The Claims extracted from the 1930 US Census for my great Uncle Carl Mieding are as follows:
If you are interested in looking at the spreadsheet file (both the template and the sheet for Carl E. Mieding), you can download it (https://dl.dropboxusercontent.com/u/6904113/Claims%20Template%20-%201930%20US%20Census.xlsx) and open it with your spreadsheet software. That will give you access to all the formulas for computing the Claims. Note that many of the data fields in the Template are already filled with 0 (zero). Those formulas in those data fields are set to return a blank Claim if other data is not entered into the cell. You will also note that data entry for a number of the fields is related to a box below the entry cells.
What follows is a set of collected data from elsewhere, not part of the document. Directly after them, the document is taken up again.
Lemma descent y d : f (vadd y d) <= f y + dot (g y) d + mu / 2 * dot d d.
Proof.
set a := dot (g y) d; set b := mu / 2 * dot d d.
set phi := fun t => f (vadd y (vscale t d)) - (a * t + b * t ^ 2).
set phi' := fun c => dot (g (vadd y (vscale c d))) d - (a + 2 * b * c).
have Hd : forall c, 0 <= c <= 1 -> derivable_pt_lim phi c (phi' c).
  move=> c _.
  have Hpoly : derivable_pt_lim (fun t => a * t + b * t ^ 2) c (a + 2 * b * c).
    by apply/is_derive_Reals; auto_derive; [| ring].
  exact: derivable_pt_lim_minus _ _ _ _ _ (dir_deriv y d c) Hpoly.
have [c [Ec Hc01]] := MVT_cor2 phi phi' 0 1 ltac:(lra) Hd.
have Hslope : phi' c <= 0.
  rewrite /phi'; set q := vadd y (vscale c d).
  have Hgap : dot (g q) d - a = dot (vsub (g q) (g y)) d by rewrite dot_sub_l.
  have Hcs := cauchy_schwarz (vsub (g q) (g y)) d.
  have Hlip := Hl q y.
  have Hqy : norm2 (vsub q y) = c * norm2 d.
    have -> : vsub q y = vscale c d.
      by apply: functional_extensionality => i; rewrite /vsub /q /vadd /vscale; ring.
    by rewrite norm2_scale Rabs_pos_eq //; lra.
  rewrite Hqy in Hlip.
  have := norm2_ge0 d; have := norm2_ge0 (vsub (g q) (g y)).
  have := norm2_sq d; rewrite /b /= Rmult_1_r => Hdd N1 N0.
  have : norm2 (vsub (g q) (g y)) * norm2 d <= mu * (c * norm2 d) * norm2 d by nra.
  by nra.
have E0 : phi 0 = f y.
  rewrite /phi (_ : vadd y (vscale 0 d) = y); first by ring.
  by apply: functional_extensionality => i; rewrite /vadd /vscale; ring.
have E1 : phi 1 = f (vadd y d) - (a + b).
  rewrite /phi (_ : vadd y (vscale 1 d) = vadd y d); first by ring.
  by apply: functional_extensionality => i; rewrite /vadd /vscale; ring.
by rewrite E0 E1 in Ec; nra.
Qed.

(* Combining convexity and the descent lemma at y - (g y - g x)/mu. *)
Lemma grad_gap_lower x y : 0 < mu ->
  f x + dot (g x) (vsub y x) + dot (vsub (g y) (g x)) (vsub (g y) (g x)) / (2 * mu)
  <= f y.
Proof.
move=> Hmu.
set e := vsub (g y) (g x); set d := vscale (- / mu) e; set w := vadd y d.
have G1 := grad_ineq x w; have G2 := descent y d.
rewrite (_ : vsub w x = vadd (vsub y x) d) in G1; last first.
  by apply: functional_extensionality => i; rewrite /w /vadd /vsub; ring.
rewrite dot_add_r /d !dot_scale_r in G1.
rewrite /d !dot_scale_r !dot_scale_l -/d -/w in G2.
have Eee : dot e e = dot (g y) e - dot (g x) e by rewrite {1}/e dot_sub_l.
set E := dot e e in Eee *.
rewrite (_ : mu / 2 * (- / mu * (- / mu * E)) = E / (2 * mu)) in G2; last by field; lra.
have : E / (2 * mu) = / mu * E - E / (2 * mu) by field; lra.
by nra.
Qed.
Lemma depends_on_col_block o b (F : 'M[R]_(m, b) -> \bar R) : (o + b <= n.+1)%N ->
  depends_on (mem (block_indices m n.+1 o b))
    (fun s => F (col_block (mx_of_seq m n.+1 s) o b)).
Proof.
move=> obn s s' ss'; rewrite -!mx_of_seq_col_block //.
by congr (F (mx_of_seq _ _ _)); apply/eq_in_map => i /ss'.
Qed.

Lemma GW_col_block o b (S : set 'M[R]_(m, b)) : (0 < b)%N -> (o + b <= n.+1)%N ->
  GW S = gauss_iter (m * n.+1) (fun s =>
    ereal_sup [set (frob_inner (col_block (mx_of_seq m n.+1 s) o b) v)%:E | v in S]).
Proof.
move=> b_gt0 obn; under [RHS]eq_gauss_iter do rewrite -mx_of_seq_col_block //.
rewrite (gauss_iter_marginal
  (fun s => ereal_sup [set (frob_inner (mx_of_seq m b s) v)%:E | v in S])).
- by rewrite size_mkseq.
- exact: sorted_block_indices.
- exact: block_indices_ltn.
Qed.

Theorem GW_le_sum_col_blocks (T : set 'M[R]_(m, n.+1)) (E : nat -> nat) K
    (S : forall j, set 'M[R]_(m, E j - E j.+1)) :
  (forall i j, (i <= j)%N -> (E j <= E i)%N) -> E 0%N = n.+1 -> E K = 0%N ->
  (forall j, (j < K)%N -> (E j.+1 < E j)%N) -> T 0%R -> (forall j, S j 0%R) ->
  (forall A, T A -> forall j, (j < K)%N -> S j (col_block A (E j.+1) (E j - E j.+1))) ->
  GW T <= \sum_(j < K) GW (S j).
Proof.
move=> E_noninc E0 EK E_dec T0 S0 TS.
have blk_le j : (E j.+1 + (E j - E j.+1) <= n.+1)%N.
  by rewrite subnKC ?E_noninc // -E0 E_noninc.
have blk_gt0 j : (j < K)%N -> (0 < E j - E j.+1)%N by rewrite subn_gt0; apply: E_dec.
pose G j s := ereal_sup [set (frob_inner (col_block (mx_of_seq m n.+1 s) (E j.+1)
                                             (E j - E j.+1)) v)%:E | v in S j].
have G_ge0 j s : 0 <= G j s.
  by apply: ereal_sup_ubound; exists 0%R => //; rewrite frob_inner0.
rewrite (eq_bigr (fun j : 'I_K => gauss_iter (m * n.+1) (G j))) => [|j _]; last first.
  exact: GW_col_block (blk_gt0 _ (ltn_ord j)) (blk_le j).
apply: (@le_trans _ _ (gauss_iter (m * n.+1) (fun s => \sum_(j < K) G j s))).
  apply: le_gauss_iter => s.
    by apply: ereal_sup_ubound; exists 0%R => //; rewrite frob_inner0.
  apply: ge_ereal_sup => _ [A TA <-].
  rewrite (frob_inner_col_blocks _ _ E_noninc E0 EK) -sumEFin; apply: lee_sum => j _.
  apply: ereal_sup_ubound; exists (col_block A (E j.+1) (E j - E j.+1)) => //.
  exact: TS.
apply: (gauss_iter_sum_le _
  (D := fun j => mem (block_indices m n.+1 (E j.+1) (E j - E j.+1)))).
- move=> j; exact: (depends_on_col_block
    (fun M => ereal_sup [set (frob_inner M v)%:E | v in S j]) (blk_le j)).
- exact: G_ge0.
move=> j j' i /andP[jj' j'K] /= ij; apply/negP => ij'.
have jK := ltn_trans jj' j'K; have := E_noninc _ _ jj'.
have := block_indices_mod (blk_gt0 _ jK) (blk_le j) ij.
have := block_indices_mod (blk_gt0 _ j'K) (blk_le j') ij'.
lia.
Qed.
The separate text list of formulas for Claim Extraction Templates is:
The separate text list of formulas for Claim Extraction Templates is found at (https://dl.dropboxusercontent.com/u/6904113/Census%20Claim%20Template%20Formulas%20(1930%20US%20Census).txt); the text list of Claim Types (assignment of Subjects and Types) is found at (https://dl.dropboxusercontent.com/u/6904113/!!!Census%20Claim-type%20Formulas%20(1930%20US%20Census).txt).
As I review and revise the rest of the US Census Claim Extraction Templates I will post them.
I am finding that the development of the formulas for each record set takes time. Once done, however, it is a simple matter of highlight, cut, and paste the resulting extracted Claims into Evidentia (along with the assignmet of Subjects and Types). Thanks to Paul Harris, Kevin Grooms, and all the members of the Google+ Evidentia Community who shared in the discussion.